Since DBS in our analysis is both more effective and more costly than standard care at success rates between 3 and 80 %, its cost-effectiveness depends on society’s willingness to pay for the additional QALYs it provides over the 5-year follow-up period. Traditionally, treatments costing less than $50,000/QALY have been deemed cost-effective, though recent studies have shown that our society’s actual willingness to pay may be $200,000/QALY or greater [27]. As our study shows, DBS crosses these thresholds at success rates between approximately 74 and 20 %, respectively.

Prolonged effectiveness of DBS treatment for the full 5-year period of the model may be achieved with stimulation parameter optimization. In such a scenario, lower DBS treatment success rates are required for equivalency to standard treatment. For a patient with mild-stage AD at baseline, DBS success rates of 0.2 and 9.3 % are required for clinical and economic equivalency, respectively, to standard treatment. Since DBS treatment provides longer lasting benefit in this scenario, lower success rates are required to attain equivalence to standard treatment (see Online Resource).

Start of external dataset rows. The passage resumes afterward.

(* Let $A(z)=\sum_{n\ge0}\Big(\sum_{P}\operatorname{amp}(P)\Big)z^n$, where the inner sum runs over all Motzkin paths $P$ of length $n$. Then $$A(z)=-(1+v+v^2)(1-v^{-2})\sum_{h\ge1}\frac{v^{h}}{1-v^{h}}-\frac{(1+2v)(1+v+v^2)}{v}.$$
   Context: A Motzkin path of length $n$ is a sequence of $n$ steps, each an up-step $(1,1)$, a down-step $(1,-1)$ or a horizontal step $(1,0)$, starting at $(0,0)$, ending at $(n,0)$, and never going below the $x$-axis. Its height $h$ is the maximal $y$-coordinate reached. A horizontal step on level $j$ is a horizontal step from $(x,j)$ to $(x+1,j)$. The amplitude $\operatorname{amp}(P)$ of a Motzkin path $P$ of height $h$ is $2h+1$ if $P$ has a horizontal step on level $h$, and $2h$ otherwise. Here $v=v(z)=\frac{1-z-\sqrt{1-2z-3z^2}}{2z}$ is the formal power series with $v(0)=0$ satisfying $z=\frac{v}{1+v+v^2}$. *)

From HB Require Import structures.
From mathcomp Require Import all_boot all_order all_algebra.
From mathcomp Require Import all_classical all_reals all_analysis.
Set Implicit Arguments. Unset Strict Implicit. Unset Printing Implicit Defensive.
Import Order.TTheory GRing.Theory Num.Theory.
Import numFieldNormedType.Exports.

Inductive step := Up | Down | Flat.

Fixpoint words (n : nat) : seq (seq step) :=
  if n is n'.+1 then [seq s :: w | s <- [:: Up; Down; Flat], w <- words n']
  else [:: [::]].

(* Level after a step taken from level y (only used when it stays >= 0). *)
Definition next (y : nat) (s : step) : nat :=
  match s with Up => y.+1 | Down => y.-1 | Flat => y end.

Fixpoint motzkin_from (y : nat) (p : seq step) : bool :=
  match p with
  | [::] => y == 0
  | s :: p' => (if s is Down then 0 < y else true) && motzkin_from (next y s) p'
  end.

Definition is_motzkin (p : seq step) : bool := motzkin_from 0 p.

Fixpoint maxh (y : nat) (p : seq step) : nat :=
  match p with
  | [::] => y
  | s :: p' => maxn y (maxh (next y s) p')
  end.

Definition height (p : seq step) : nat := maxh 0 p.

Fixpoint has_flat_at (j y : nat) (p : seq step) : bool :=
  match p with
  | [::] => false
  | s :: p' => (if s is Flat then y == j else false) || has_flat_at j (next y s) p'
  end.

Definition amp (p : seq step) : nat :=
  if has_flat_at (height p) 0 p then (height p).*2.+1 else (height p).*2.

Definition coefA (n : nat) : nat :=
  \sum_(p <- words n | is_motzkin p) amp p.

Local Open Scope ring_scope.

Definition vfun (R : realType) (z : R) : R :=
  (1 - z - Num.sqrt (1 - 2 * z - 3 * z ^+ 2)) / (2 * z).

(* h-th term (h >= 1, shifted index h = k+1) of sum_{h>=1} v^h/(1-v^h). *)
Definition lterm (R : realType) (v : R) (k : nat) : R :=
  v ^+ k.+1 / (1 - v ^+ k.+1).

Definition rhsA (R : realType) (v : R) : R :=
  - (1 + v + v ^+ 2) * (1 - v ^- 2) * limn (series (lterm v))
  - (1 + 2 * v) * (1 + v + v ^+ 2) / v.

(* A path has amplitude at most [k] exactly when it stays at levels [y] with
   [2y <= k] and has flat steps only at levels with [2y + 1 <= k].  Writing
   [amp p = #{k | k < amp p}] gives [A_n = \sum_k (M_n - M_n^(k))], where [M_n^(k)]
   counts the Motzkin paths confined to that strip.  After the substitution
   [z = v / (1 + v + v^2)] the transfer equations of the strip are solved by
   [F_k(y) = (1 + v + v^2) (v^y - v^(k+1-y)) / (1 - v^(k+3))], hence
   [M(z) - F_k(0) = (1 + v + v^2) (1 - v^2) v^-2 * v^(k+3) / (1 - v^(k+3))], and
   summing over [k] gives the Lambert series.  For [0 < z < 1/6] the truncated
   transfer sums converge to [F_k] geometrically and uniformly in [k], which
   justifies exchanging the two summations. *)

From Pilot Require Import Defs.
From HB Require Import structures.
From mathcomp Require Import all_boot all_order all_algebra.
From mathcomp Require Import all_classical all_reals all_analysis.
From mathcomp Require Import zify ring lra.
Import Order.TTheory GRing.Theory Num.Theory.
Import numFieldNormedType.Exports.
Set Implicit Arguments. Unset Strict Implicit. Unset Printing Implicit Defensive.

Definition step_code (s : step) : nat :=
  match s with Up => 0 | Down => 1 | Flat => 2 end.
Definition step_decode (n : nat) : step :=
  match n with 0 => Up | 1 => Down | _ => Flat end.
Lemma step_codeK : cancel step_code step_decode. Proof. by case. Qed.
HB.instance Definition _ := Equality.copy step (can_type step_codeK).

Lemma size_words_mem n w : w \in words n -> size w = n.
Proof.
elim: n w => [|n IH] w /=; first by rewrite inE => /eqP ->.
by rewrite !mem_cat in_nil orbF => /or3P [] /mapP [w' /IH <- ->].
Qed.

Lemma count_wordsS n (P : pred (seq step)) : count P (words n.+1) =
  count (fun w => P (Up :: w)) (words n) + count (fun w => P (Down :: w)) (words n)
  + count (fun w => P (Flat :: w)) (words n).
Proof. by rewrite /= !count_cat !count_map /= addn0 addnA. Qed.

Lemma has_flat_at_le_maxh j y p : has_flat_at j y p -> j <= maxh y p.
Proof.
elim: p y => [|s p IH] y //= /orP [|/IH jle]; last by rewrite leq_max jle orbT.
by case: s => //= /eqP ->; rewrite leq_maxl.
Qed.

Lemma maxh_le y p : maxh y p <= y + size p.
Proof.
elim: p y => [|s p IH] y /=; first by rewrite addn0.
by rewrite geq_max leq_addr /=; apply: (leq_trans (IH _)); case: s => /=; lia.
Qed.

Lemma amp_le_size p : amp p <= (size p).*2.+1.
Proof. by rewrite /amp /height; have := maxh_le 0 p; case: has_flat_at; lia. Qed.

Fixpoint in_strip (k y : nat) (p : seq step) : bool :=
  match p with
  | [::] => y == 0
  | s :: p' =>
    [&& y.*2 <= k,
        match s with Up => true | Down => 0 < y | Flat => y.*2.+1 <= k end
      & in_strip k (Defs.next y s) p']
  end.

Lemma in_stripE k y p : in_strip k y p =
  [&& motzkin_from y p, maxh y p <= k./2 & odd k || ~~ has_flat_at k./2 y p].
Proof.
elim: p y => [|s p IH] y /=; first by case: y => [|y]; rewrite ?orbT; lia.
rewrite IH geq_max (_ : (y.*2 <= k) = (y <= k./2)); last by lia.
case: s => /=.
- by case: (y <= _); case: motzkin_from.
- by case: (y <= _); case: (0 < y); case: motzkin_from.
rewrite (_ : (y.*2.+1 <= k) = (y <= k./2) && (odd k || (y != k./2))); last by lia.
by case: (y <= _); case: (odd k); case: (y == _); case: motzkin_from;
  case: (maxh _ _ <= _); case: has_flat_at.
Qed.

Lemma in_strip_amp k p : in_strip k 0 p = is_motzkin p && (amp p <= k).
Proof.
rewrite in_stripE /is_motzkin /amp /height; case: motzkin_from => //=.
set h := maxh 0 p.
have hf_le := @has_flat_at_le_maxh k./2 0 p; rewrite -/h in hf_le.
case: (eqVneq k./2 h) => [<-|neq_h].
  by case: has_flat_at; rewrite ?orbT ?orbF; lia.
by case: (boolP (has_flat_at k./2 0 p)) => [/hf_le|_]; case: has_flat_at;
  rewrite ?orbT ?orbF; lia.
Qed.

Definition strip_count (k n y : nat) : nat := count (in_strip k y) (words n).
Definition motzkin_count (n : nat) : nat := count is_motzkin (words n).

Lemma strip_count0 k y : strip_count k 0 y = (y == 0).
Proof. by rewrite /strip_count /= addn0. Qed.

Lemma count_andl T (b : bool) (P : pred T) s :
  count (fun x => b && P x) s = if b then count P s else 0.
Proof. by case: b => //; elim: s. Qed.

Lemma strip_countS k n y : strip_count k n.+1 y =
  if y.*2 <= k then
    strip_count k n y.+1 + (if 0 < y then strip_count k n y.-1 else 0)
    + (if y.*2.+1 <= k then strip_count k n y else 0)
  else 0.
Proof.
rewrite /strip_count count_wordsS /= !count_andl.
by case: (y.*2 <= k); case: (0 < y); case: (y.*2.+1 <= k).
Qed.

Lemma strip_count_motzkin k n : n.*2.+1 <= k -> strip_count k n 0 = motzkin_count n.
Proof.
move=> lt_nk; apply: eq_in_count => p /size_words_mem size_p.
by rewrite /= in_strip_amp (leq_trans (amp_le_size p)) ?andbT // size_p.
Qed.

Lemma strip_count_le_motzkin k n : strip_count k n 0 <= motzkin_count n.
Proof. by apply: sub_count => p; rewrite /= in_strip_amp => /andP []. Qed.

There are a number of limitations to this study. First, we rely on pooled data from various sources. Our sensitivity analysis, however, showed that individual input variables must change considerably (beyond their 95 % confidence intervals) to have at least a 10–15 % effect on total QALYs generated in the 5-year model duration. Still, relatively low magnitude changes in multiple variables at the same time may have a greater than 10–15 % effect on the results.

Two particularly relevant input variables pertain to the rate of post-operative complications and the transition probabilities used in post-surgical patients. Demented patients in general have a higher rate of post-operative complications and re-hospitalization, and may be less compliant with post-operative wound care, potentially increasing the incidence of skin irritation, infection, poor wound healing, or DBS malfunction [2830]. In light of this, we tested our 5-year model with a doubled rate of surgical complication, well outside its 95 % CI. We also more than quintupled the disutility of complications (disutility = 1 − utility) from 0.006 to 0.05. At a 5 % DBS success rate, QALYs generated dropped by only 0.0177 QALYs, using the new assumptions both for higher incidence of post-operative complication and for increased severity of these complications. This minimal change of <1 % suggests that even substantial changes in the assumptions our model made for unexpected post-operative complications will have a near negligible effect on the model outcome.

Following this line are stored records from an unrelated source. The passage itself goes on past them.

Lemma card_zeta_or_zeta' s :
  (#|[set rho : nuances | `[< zeta l pos rho xl yl side s \/ zeta' l pos rho xl yl side s >]]|
     * tau <=
   \sum_(w : V) 2 * ((#|below_max [set x | adj x w]| + #|below_max [set y | adj w y]|)
                       * tau ^ #|{: edge_t adj}|))%N.
Proof.
set T := (tau ^ _)%N.
pose ties w (k : 'I_2) :=
  (\bigcup_(x in below_max [set x | adj x w]) tie_event s w k (x, w)) :|:
  (\bigcup_(y in below_max [set y | adj w y]) tie_event w s k (w, y)).
have cover : [set rho : nuances | `[< zeta l pos rho xl yl side s \/
                                      zeta' l pos rho xl yl side s >]]
               \subset \bigcup_(w : V) \bigcup_(k : 'I_2) ties w k.
  apply/subsetP => rho; rewrite inE => /asboolP[[v [_ /tie_into_node]]|
                                               [v [_ /tie_out_of_node]]] [w [k [x xS xE]]];
    apply/bigcupP; exists w => //; apply/bigcupP; exists k => //; rewrite inE.
    by apply/orP; left; apply/bigcupP; exists x.
  by apply/orP; right; apply/bigcupP; exists x.
have card_union (A : {set V}) (F : V -> {set nuances}) :
    (forall x, x \in A -> #|F x| * tau <= T)%N ->
    (#|\bigcup_(x in A) F x| * tau <= #|A| * T)%N.
  move=> cardF; apply: leq_trans (leq_mul (card_bigcup_le _ _) (leqnn _)) _.
  by rewrite big_distrl -sum_nat_const leq_sum.
have card_ties w (k : 'I_2) :
    (#|ties w k| * tau <= (#|below_max [set x | adj x w]| +
                           #|below_max [set y | adj w y]|) * T)%N.
  rewrite mulnDl; apply: leq_trans (leq_mul (leq_card_setU _ _).1 (leqnn _)) _.
  rewrite mulnDl; apply: leq_add; apply: card_union => x;
    rewrite !inE => /andP[a _]; exact: card_tie_event.
apply: leq_trans (leq_mul (subset_leq_card cover) (leqnn tau)) _.
apply: leq_trans (leq_mul (card_bigcup_le _ _) (leqnn _)) _.
rewrite big_distrl leq_sum // => w _.
apply: leq_trans (leq_mul (card_bigcup_le _ _) (leqnn _)) _.
rewrite big_distrl (leq_trans (leq_sum _ (fun (k : 'I_2) _ => card_ties w k))) //.
by rewrite sum_nat_const card_ord.
Qed.

End LocalShortestPaths.

Lemma pred_le_bin2 k : (k.-1 <= 'C(k, 2))%N.
Proof. by case: k => [|k] //; rewrite binS bin1 leq_addl. Qed.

A second input variable of particular interest is the set of transition probabilities that underlie the rate of disease progression in post-operative AD patients. While our model utilizes similar transition probabilities for patients who received surgery with unsuccessful outcomes and patients who did not receive any surgery, recent studies suggested that cerebral inflammation secondary to surgery and anesthesia may accelerate the rate of AD progression [31]. As with other variables, the sensitivity analysis we conducted addressed this limitation by showing how varying the transition probabilities within their 95 % CI resulted in a minimal change in the number of QALYs generated by the model.

In conclusion, our findings indicate that DBS may require an extremely low threshold of success of 3 % to be a clinically effective treatment for AD. Moreover, success rates of approximately 80 % would make DBS not only more effective for mild cases of AD, but also less costly than standard treatment. The exact DBS success rate will have to be established experimentally with clinical trials.